(Bloomberg) – Almost two-thirds of blue-chip UK companies will discount the market over the next three weeks as the earnings season comes to a head. As Square Mile professionals dig into the details of the second quarter, the reports are also likely to shed light on broader topics affecting the entire country, from the energy crisis to the cost of living crisis, to rising interest rates and the threat of an economic crisis. .
Here are five things to watch out for.
Airlines and travel chaos
For some airlines, the travel chaos of the summer may also be a boon, as travel rebounds after two years of lackluster results. Weak supply amid staff shortages – as well as an increase in demand with the end of Covid restrictions – has sent ticket prices skyrocketing.
Ryanair Holdings Plc, which reports results on Monday, is among those that avoided mass cancellations. The Irish budget carrier has exceeded estimates in six of its last 10 years. EasyJet Plc is due to report a day later, with International Consolidated Airlines Group, owner of British Airways, and Air France-KLM disclosing their performance at the end of the week.
But there could be turbulence. Travel industry data platform OAG recently estimated that capping passenger numbers at London Heathrow could result in up to $550 million in lost revenue.
Energy companies and the crisis
Soaring oil and gas prices following Russia’s invasion of Ukraine gave energy majors a historic boost. Shell Plc is expected to post its biggest profit since 2008 on July 28, and BP Plc is also expected to reveal windfall earnings on August 2.
Centrica Plc, the owner of British Gas, reports the same day as BP. Profits there may spark political grumbling, but with a windfall tax already imposed by the UK government, ministers’ options are limited.
London-listed miner Glencore Plc is expected to report an increase in coal sales on July 29 as the global energy crisis boosts demand for the highly polluting fuel.
Retail and Inflation
The most intense cost of living crisis in decades has forced Britons to tighten their purse strings. The clearest sign of the effect on retailers will come from Next Plc, when it reports results on August 4. According to Deutsche Bank analyst Adam Cochrane, the sector faces precarious times: on the edge of a cliff.
Meanwhile, Mars Inc. and Kraft Heinz Co. have clashed with supermarkets over price hikes as grocers also seek to undermine suppliers with their cheaper own-brand products. Consumer goods rivals Unilever Plc and Reckitt Benckiser Group Plc updated the last week of July.
Tineke Frikkee, head of UK equity research at Waverton Investment, is looking for any indication that buyers have started to “lower” low-priced foods. Kantar data shows that sales of branded products fell 2.4% in the 12 weeks to July 10, while own brand sales increased 4.1%.
FTSE’s new £30billion consumer goods giant Haleon Plc will publish its first update on July 27 after being spun off from pharmaceuticals giant GSK Plc. BT Group Plc and Vodafone Group Plc will report on July 28 and July 25, respectively, on whether the hardest-working families are trying to cut their telecom bills.
Banks, insurers and interest rates
Rising interest rates could be good news for banks. Lloyds Banking Group Plc launches banking reporting on July 27, with NatWest Group Plc releasing its half-year results two days later (July 29).
But with the Bank of England eyeing a 50 basis point hike in August, consumer-facing lenders are vulnerable to the economic downturn.

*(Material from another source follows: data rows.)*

Lemma wall_exit_bounds i u : 0 < wall_exit i u <= ball_exit u.
Proof.
have [rB_gt0 _] := ball_exit_gt0 u.
case: (Rlt_dec (wpair lam i) 0) => [lam_i_neg|lam_i]; last first.
  by rewrite /wall_exit; case: Rlt_dec => lt /=; [contradiction | lra].
have [a_gt0 [cap_gt0 ->]] := wall_exit_def u lam_i_neg.
set a := - wpair c i in a_gt0 cap_gt0 *; have m_le := Rmax_r (wpair u i) (a / ball_exit u).
split; first by apply: Rdiv_lt_0_compat; lra.
apply: (Rle_trans _ (a / (a / ball_exit u))); last by right; field; lra.
by apply: Rmult_le_compat_l; [lra | apply: Rinv_le_contravar].
Qed.

Lemma pairing_ray_wall i u t : wpair lam i < 0 -> 0 <= t ->
  (t <= wall_exit i u -> wpair (ray u t) i <= 0) /\
  (t < wall_exit i u -> wpair (ray u t) i < 0).
Proof.
move=> /(wall_exit_def u) [a_gt0 [cap_gt0 ->]] t_ge0; rewrite pairing_affine_l.
set a := - wpair c i in a_gt0 cap_gt0 *; set m := Rmax _ _.
have [p_le q_le] := (Rmax_l (wpair u i) (a / ball_exit u), Rmax_r (wpair u i) (a / ball_exit u)).
have m_gt0 : 0 < m by rewrite /m; lra.
have tp_le : t * wpair u i <= t * m by apply: Rmult_le_compat_l.
have am : a / m * m = a by field; lra.
have -> : wpair c i = - a by rewrite /a; ring.
split => t_le.
  suff : t * m <= a / m * m by lra.
  by apply: Rmult_le_compat_r; lra.
suff : t * m < a / m * m by lra.
exact: Rmult_lt_compat_r.
Qed.

Lemma wall_exit_hit i u : wpair lam i < 0 ->
  wall_exit i u = ball_exit u \/ wpair (ray u (wall_exit i u)) i = 0.
Proof.
move=> /(wall_exit_def u) [a_gt0 [cap_gt0 ->]]; rewrite pairing_affine_l.
set a := - wpair c i in a_gt0 cap_gt0 *; have -> : wpair c i = - a by rewrite /a; ring.
have [rB_gt0 _] := ball_exit_gt0 u.
by rewrite /Rmax; case: Rle_dec => p_le; [left | right]; field; lra.
Qed.

Definition exit_radius u := foldr (fun i r => Rmin (wall_exit i u) r) (ball_exit u) (index_enum 'I_d).

Lemma exit_radius_attained u :
  exit_radius u = ball_exit u \/ exists i, exit_radius u = wall_exit i u.
Proof. exact: foldr_Rmin_mem. Qed.

Lemma exit_radius_bounds u :
  0 < exit_radius u /\ exit_radius u <= ball_exit u /\ forall i, exit_radius u <= wall_exit i u.
Proof.
have [le_rB le_wall] := foldr_Rmin_lb (wall_exit^~ u) (ball_exit u) (index_enum 'I_d).
split; last by split => // i; apply/le_wall/mem_index_enum.
case: (exit_radius_attained u) => [|[i]] ->.
  exact: (proj1 (ball_exit_gt0 u)).
exact: (proj1 (wall_exit_bounds i u)).
Qed.

Lemma Tzero_perp_ray u t : Tzero_perp u -> Tzero_perp (ray u t).
Proof.
have [_ [c_perp _]] := c_open.
by move=> u_perp i lam_i0; rewrite pairing_affine_l c_perp // u_perp //; ring.
Qed.

Lemma ray_open_cell u t : perp_sphere u -> 0 <= t < exit_radius u -> open_cell (ray u t).
Proof.
move=> [u_perp qu1] t_lt; have [_ [le_rB le_wall]] := exit_radius_bounds u.
split; first by apply: qform_ray_lt; lra.
split; first exact: Tzero_perp_ray.
by move=> i lam_i_neg; apply: (proj2 (pairing_ray_wall u lam_i_neg _)); have := le_wall i; lra.
Qed.

Lemma ray_exit_closed_cell u : perp_sphere u -> closed_cell (ray u (exit_radius u)).
Proof.
move=> [u_perp qu1]; have [r_gt0 [le_rB le_wall]] := exit_radius_bounds u.
split; first by apply: qform_ray_le; lra.
split; first exact: Tzero_perp_ray.
by move=> i lam_i_neg; apply: (proj1 (pairing_ray_wall u lam_i_neg _)); have := le_wall i; lra.
Qed.

Lemma ray_exit_not_open_cell u : perp_sphere u -> ~ open_cell (ray u (exit_radius u)).
Proof.
move=> [_ qu1] [q_lt1 [_ neg]].
have exit_ball : exit_radius u <> ball_exit u.
  by move=> exit_rB; move: q_lt1; rewrite exit_rB qform_ray_exit //; lra.
case: (exit_radius_attained u) => [//|[i exit_i]].
case: (Rlt_dec (wpair lam i) 0) => [lam_i_neg|lam_i].
  case: (wall_exit_hit u lam_i_neg) => [hit|hit]; first by apply: exit_ball; rewrite exit_i.
  by have := neg i lam_i_neg; rewrite exit_i hit; lra.
by apply: exit_ball; rewrite exit_i /wall_exit; case: Rlt_dec.
Qed.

Mortgage spreads for UK banks have narrowed and consumer credit markets could also slow along with the economy, Shore Capital analyst Gary Greenwood said in a note.
Banks with relatively large trading operations, such as Barclays Plc, hope to have enjoyed a revenue boom similar to that of financial giants on Wall Street, which have benefited from market volatility. Barclays reports July 28.
Insurers themselves face inflationary pressures through claims. Direct Line Insurance Group Plc and Admiral Group Plc both signaled that profits will decline when they report on August 2 and August 10, respectively.
“Supply chain issues and broader economic inflation are likely to make it difficult to reduce near-term claims inflation levels,” JP Morgan analyst Kamran Hossain wrote in a note. The costs are already being passed on, according to the Federation of Small Businesses, which said 60% of small businesses have seen their insurance premiums rise.
Cars and supply chains
The global supply chain crisis, triggered by the Covid shutdowns and exacerbated by the war in Ukraine, has weighed heavily on the automotive sector. Amid continued shortages of semiconductors, automakers will be closely watched for signs of opening up supply chains. Mercedes-Benz Group AG and Ford Motor Co report July 27, while Stellantis NV and Volkswagen AG update the markets a day later. Although not listed in the UK, their reports could provide crucial updates on supply and demand issues in the face of the cost of living crisis.